Click tracks were also once very important in the creation of accurately timed music such as radio and television spots (commercials) and other timed production music. In this type of use a rhythm section or ensemble would play all instruments to a click track. With the use of MIDI sequencing in the 1980s and 1990s it became possible to build an entire music track that was accurately timed without depending solely on a click track. Computer based MIDI sequencing programs are still used in the creation of music. The MIDI sequencer generated track can be used with only MIDI controlled instruments or embellished with other instruments played by musicians. The musicians who embellish the tracks created with MIDI sequencer essentially play along with the already timed piece of music. In many cases all of the MIDI instrumentation is replaced by actual musicians.

==Techniques==

The click track may be used as a form of metronome directly by musicians in the studio or on stage, particularly by drummers, who listen via headphones to maintain a consistent beat. Sometimes the click track would be given, through a set of headphones, only to the drummer who would hold the beat, and the rest of the musicians on staff would follow along to the beat that the drummer would hold. One can think of a click track as essentially being a kind of metronome except that it is fed through headphones to one or more of the musicians during a recording or performance. It is also not uncommon for musicians or engineers to subdivide click tracks at slow tempos (for instance, below 70 BPM) into smaller parts, with, for instance a click on the start of a bar and a beep on every individual quarter (or eighth, sixteenth...) note. In the final product of the film or performance that is being recorded, the click track is not heard by the audience.

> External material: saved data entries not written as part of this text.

Definition is_group {T : Type} (mul : T -> T -> T) (inv : T -> T) (one : T) : Prop :=
  (forall x y z, mul (mul x y) z = mul x (mul y z)) /\
  (forall x, mul one x = x) /\ (forall x, mul x one = x) /\
  (forall x, mul (inv x) x = one) /\ (forall x, mul x (inv x) = one).

Definition subset {T : Type} (A B : T -> Prop) : Prop := forall x, A x -> B x.
Definition setT {T : Type} : T -> Prop := fun _ => True.
Definition image {T U : Type} (f : T -> U) (A : T -> Prop) : U -> Prop :=
  fun y => exists x, A x /\ y = f x.

Definition subgroup {T : Type} (mul : T -> T -> T) (inv : T -> T) (one : T)
  (H : T -> Prop) : Prop :=
  H one /\ (forall x y, H x -> H y -> H (mul x y)) /\ (forall x, H x -> H (inv x)).

Definition normal_subgroup {T : Type} (mul : T -> T -> T) (inv : T -> T) (one : T)
  (H : T -> Prop) : Prop :=
  subgroup mul inv one H /\ (forall g h, H h -> H (mul (mul g h) (inv g))).

Definition gen {T : Type} (mul : T -> T -> T) (inv : T -> T) (one : T)
  (A : T -> Prop) : T -> Prop :=
  fun x => forall H, subgroup mul inv one H -> subset A H -> H x.

Definition comm {T : Type} (mul : T -> T -> T) (inv : T -> T) (x y : T) : T :=
  mul (mul (mul x y) (inv x)) (inv y).

Definition commsub {T : Type} (mul : T -> T -> T) (inv : T -> T) (one : T)
  (A B : T -> Prop) : T -> Prop :=
  gen mul inv one (fun z => exists a b, A a /\ B b /\ z = comm mul inv a b).

(** [G, psi] = < g * psi(g)^-1 : g in G >. *)
Definition psicomm {T : Type} (mul : T -> T -> T) (inv : T -> T) (one : T)
  (psi : T -> T) : T -> Prop :=
  gen mul inv one (fun z => exists g, z = mul g (inv (psi g))).

Definition center {T : Type} (mul : T -> T -> T) : T -> Prop :=
  fun z => forall x, mul z x = mul x z.

Definition is_endo {T : Type} (mul : T -> T -> T) (psi : T -> T) : Prop :=
  forall x y, psi (mul x y) = mul (psi x) (psi y).

Definition DCC_subgroups {T : Type} (mul : T -> T -> T) (inv : T -> T) (one : T) : Prop :=
  forall H : nat -> T -> Prop,
    (forall k, subgroup mul inv one (H k)) ->
    (forall k, subset (H (S k)) (H k)) ->
    exists m, forall k, m <= k -> subset (H m) (H k).

Definition ACC_normal {T : Type} (mul : T -> T -> T) (inv : T -> T) (one : T) : Prop :=
  forall H : nat -> T -> Prop,
    (forall k, normal_subgroup mul inv one (H k)) ->
    (forall k, subset (H k) (H (S k))) ->
    exists m, forall k, m <= k -> subset (H k) (H m).

Inductive sign := Pos | Neg.
Definition sopp (s : sign) : sign := match s with Pos => Neg | Neg => Pos end.
Definition spow {T : Type} (inv : T -> T) (s : sign) (x : T) : T :=
  match s with Pos => x | Neg => inv x end.

Definition circ {T : Type} (mul : T -> T -> T) (inv : T -> T) (psi : T -> T)
  (eps : sign) (g h : T) : T :=
  mul (mul (mul g (spow inv eps (psi g))) h) (spow inv (sopp eps) (psi g)).

(** Used for (G, o) and
    for subgroups of Perm(G) (functions under composition). *)
Definition msubgroup {X : Type} (mul : X -> X -> X) (one : X) (H : X -> Prop) : Prop :=
  H one /\ (forall x y, H x -> H y -> H (mul x y)) /\
  (forall x, H x -> exists y, H y /\ mul x y = one /\ mul y x = one).

Definition mnormal_in {X : Type} (mul : X -> X -> X) (one : X) (S H : X -> Prop) : Prop :=
  forall s h s', S s -> H h -> S s' -> mul s s' = one -> mul s' s = one ->
    H (mul (mul s h) s').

The practice of recording using an aiding click track is contrary to the practice of using a metronome during practice and then turning it off come time for a performance or recording, which has traditionally been more common in the past. The use of a click track allows for easier editing in a digital audio workstation (DAW) or music sequencer, since various parts can be easily quantized and moved around or spliced together without worrying about minute differences in timing. Click tracks are especially useful to modern "one man bands" who may use a multi-track audio editor to perform all or many of the different parts of a recording separately.

Click tracks can also aid live bands that want to synchronize a live performance with things like prerecorded backing tracks, pyrotechnics and stage lighting.

==Criticisms==
Use of a click track without a tempo map does not allow a natural shifting of tempo that would be vital for expressive phrasing and instances of fermata, accelerando, ritardando, etc.

James Beament, a scientist who studied acoustics, stated:

And many recent recordings of pop music demonstrate how music is killed by a metronome for they are as square as a draftsman's T. For the convenience of recording engineers, each player has to record their part on a separate track while listening to a click track – a metronome – and the clicks are then used to synchronize the tracks while the technicians adjust them to their taste and mix them. I know talented young musicians who can't do it; we can understand why. Nothing compares with a recording of a live performance in which the players provide each other with the time-framework. ... if you want to kill a musical performance, give the player a click track!
— James Beament; How we hear music: the relationship between music and the hearing mechanism

Mark E. Smith, vocalist and leader of the UK musical group The Fall, was known to forbid use of click tracks in the recording studio. Simon Wolstencroft, drummer for The Fall in the 1980s and '90s, stated "[Smith] hated it if the drums became too slick" by synchronizing with a click track.